Mr. Bailey entered the U.S. Border Patrol at Camp Chigas, El Paso, Texas as a member of class #11. In addition to those mentioned in his report, other members of his class included Charles Beechie, Haldon Binegar, James Greene, and Walter Hayfield.

The interview for this oral history was taped by Anita King on May 11, 1988 in Duncanville, Texas and transcribed by Mary Anne Wright on October 5, 1988 at the National Border Patrol Museum. The original copy is maintained as a permanent archive at the Museum.

 

AK - Virgil, when and where were you born?

VB - I was born July 8, 1907 , at the Hard Luck coal mine near Kenmire, North
Dakota.

AK - Will you briefly tell us what education you have?

VB - I had eight grades of education in Canada, in Alberta, ant through high
School in Wichita, Kansas

AK - Why did you go into the Border Patrol?
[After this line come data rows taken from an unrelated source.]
Definition rmetric (delta : R) (U xi eta : Upoint) : R :=
  \sum_(i < k) \tr (xi i *m Hmat delta U i *m (eta i)^T).

Definition rnorm (delta : R) (U xi : Upoint) : R := Num.sqrt (rmetric delta U xi xi).

Definition padd (x : Upoint) (s : R) (eta : Upoint) : Upoint := fun i => x i + s *: eta i.
Definition popp (x : Upoint) : Upoint := fun i => - x i.

Definition rgd_dir (delta : R) (F : Upoint -> R) (x : nat -> Upoint) (t : nat) : Upoint :=
  popp (rgrad delta F (x t)).

Definition rgd_iter (delta : R) (F : Upoint -> R) (x : nat -> Upoint) (s : nat -> R) :=
  forall t, x t.+1 = padd (x t) (s t) (rgd_dir delta F x t).

Definition line_min_steps (delta : R) (F : Upoint -> R) (x : nat -> Upoint) (s : nat -> R) :=
  forall t, 0 < s t /\
    forall s', 0 < s' -> F (padd (x t) (s t) (rgd_dir delta F x t))
                         <= F (padd (x t) s' (rgd_dir delta F x t)).

Definition trial_step (delta : R) (F : Upoint -> R) (x : nat -> Upoint) (t : nat) : R :=
  if (t <= 1)%N then 1
  else 2 * (F (x t.-1) - F (x t.-2)) /
       rmetric delta (x t.-1) (rgd_dir delta F x t.-1) (rgrad delta F (x t.-1)).

Definition armijo_cond (delta sigma : R) (F : Upoint -> R) (x : nat -> Upoint) (t : nat) (st : R) :=
  sigma * st * rmetric delta (x t) (popp (rgrad delta F (x t))) (rgd_dir delta F x t)
    <= F (x t) - F (padd (x t) st (rgd_dir delta F x t)).

Definition armijo_steps (delta sigma beta smin : R) (F : Upoint -> R)
    (x : nat -> Upoint) (s : nat -> R) :=
  forall t,
    exists l : nat,
      [/\ s t = Num.max (trial_step delta F x t * beta ^+ l) smin,
          armijo_cond delta sigma F x t (s t) &
          forall l' : nat, (l' < l)%N ->
            ~ armijo_cond delta sigma F x t
                (Num.max (trial_step delta F x t * beta ^+ l') smin)].

Definition accumulation_point (x : nat -> Upoint) (y : Upoint) :=
  forall eps : R, 0 < eps -> forall N : nat, exists2 t : nat, (N <= t)%N &
    forall i a b, `| x t i a b - y i a b | < eps.

Definition finf (F : Upoint -> R) : R := inf [set F U | U in [set: Upoint]].

End CPD.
VB - Well, Mr. Tenney, who gave me my oral interview, asked me “Virgil, why in
in the hell do you want to go into the Border Patrol?” Actually, the reason was I had been eight years a policeman in Wichita, Kansas, and while it was during the time of Pretty Boy Floyd Dillinger, and what were their names?

AK - Bonnie Parker?

VB - Bonnie Parker and Clyde Barron, her boyfriend, it was still a very mundane job, where you were answering complaints about chickens in flower beds and dogs barking and I thought, I’d get into something where everything would be a felony, be investigating or working on felony cases. Besides that, it was a $150.00 a month and I was only making $140.00, so I had been interested in the Border Patrol. Some of the policeman had gone on before me and I thought I’d like to try that.

AK - Did you attend the Border Patrol Training School in El Paso?

VB - Yes.

Ak - When did you enter the school?

VB - It was August 27th, 1941 and lasted till September 30, 1941.

AK - Where was your first station?

VB - First station was McAllen, Texas, but I had worked nine days before I went to
school at Fabens, Texas, going each day from El Paso to Fabens and working
the night there.

AK - Who was your senior Patrol Inspector on your first assignment?

VB - On my first assignment the Senior Patrol Inspector was Howell Norwood at
Kingsville, Texas.

AK - Where did you go from Kingsville?

VB - Moved from Kingsville in January, 1942 to Mission, Texas.

AK - I went from Mission to Rio Grande City.

AK - Who was your Senior there?

VB - My senior there was Jesse Perez.

AK - And from Rio Grande City, where did you go/

VB - To Roma, Texas.

AK - And who was your senior at Roma?

VB - Mr. Stetson, I do not remember his first name. He as known as Whispering Stet.

AK - Can you talk about some of the people you worked with at those Stations? At Kingsville and Mission.

VB - My first station in the McAllen sub-district was Kingsville, Texas, under Senior Patrol Inspector Howell Norwood who is now retired and lives in California. It was a road checking station and there wasn’t much going on there at that time. If you are interested in something that happened there, one day Senior Norwood got down to look under a patrol car for some reason and one of the boys, noticing this broad back end, up and kicked it. Howell Norwood backed out from under the car and turned around as calm and quiet as you please and looked at this man and never said a word. The patrolman thought he was kicking somebody else.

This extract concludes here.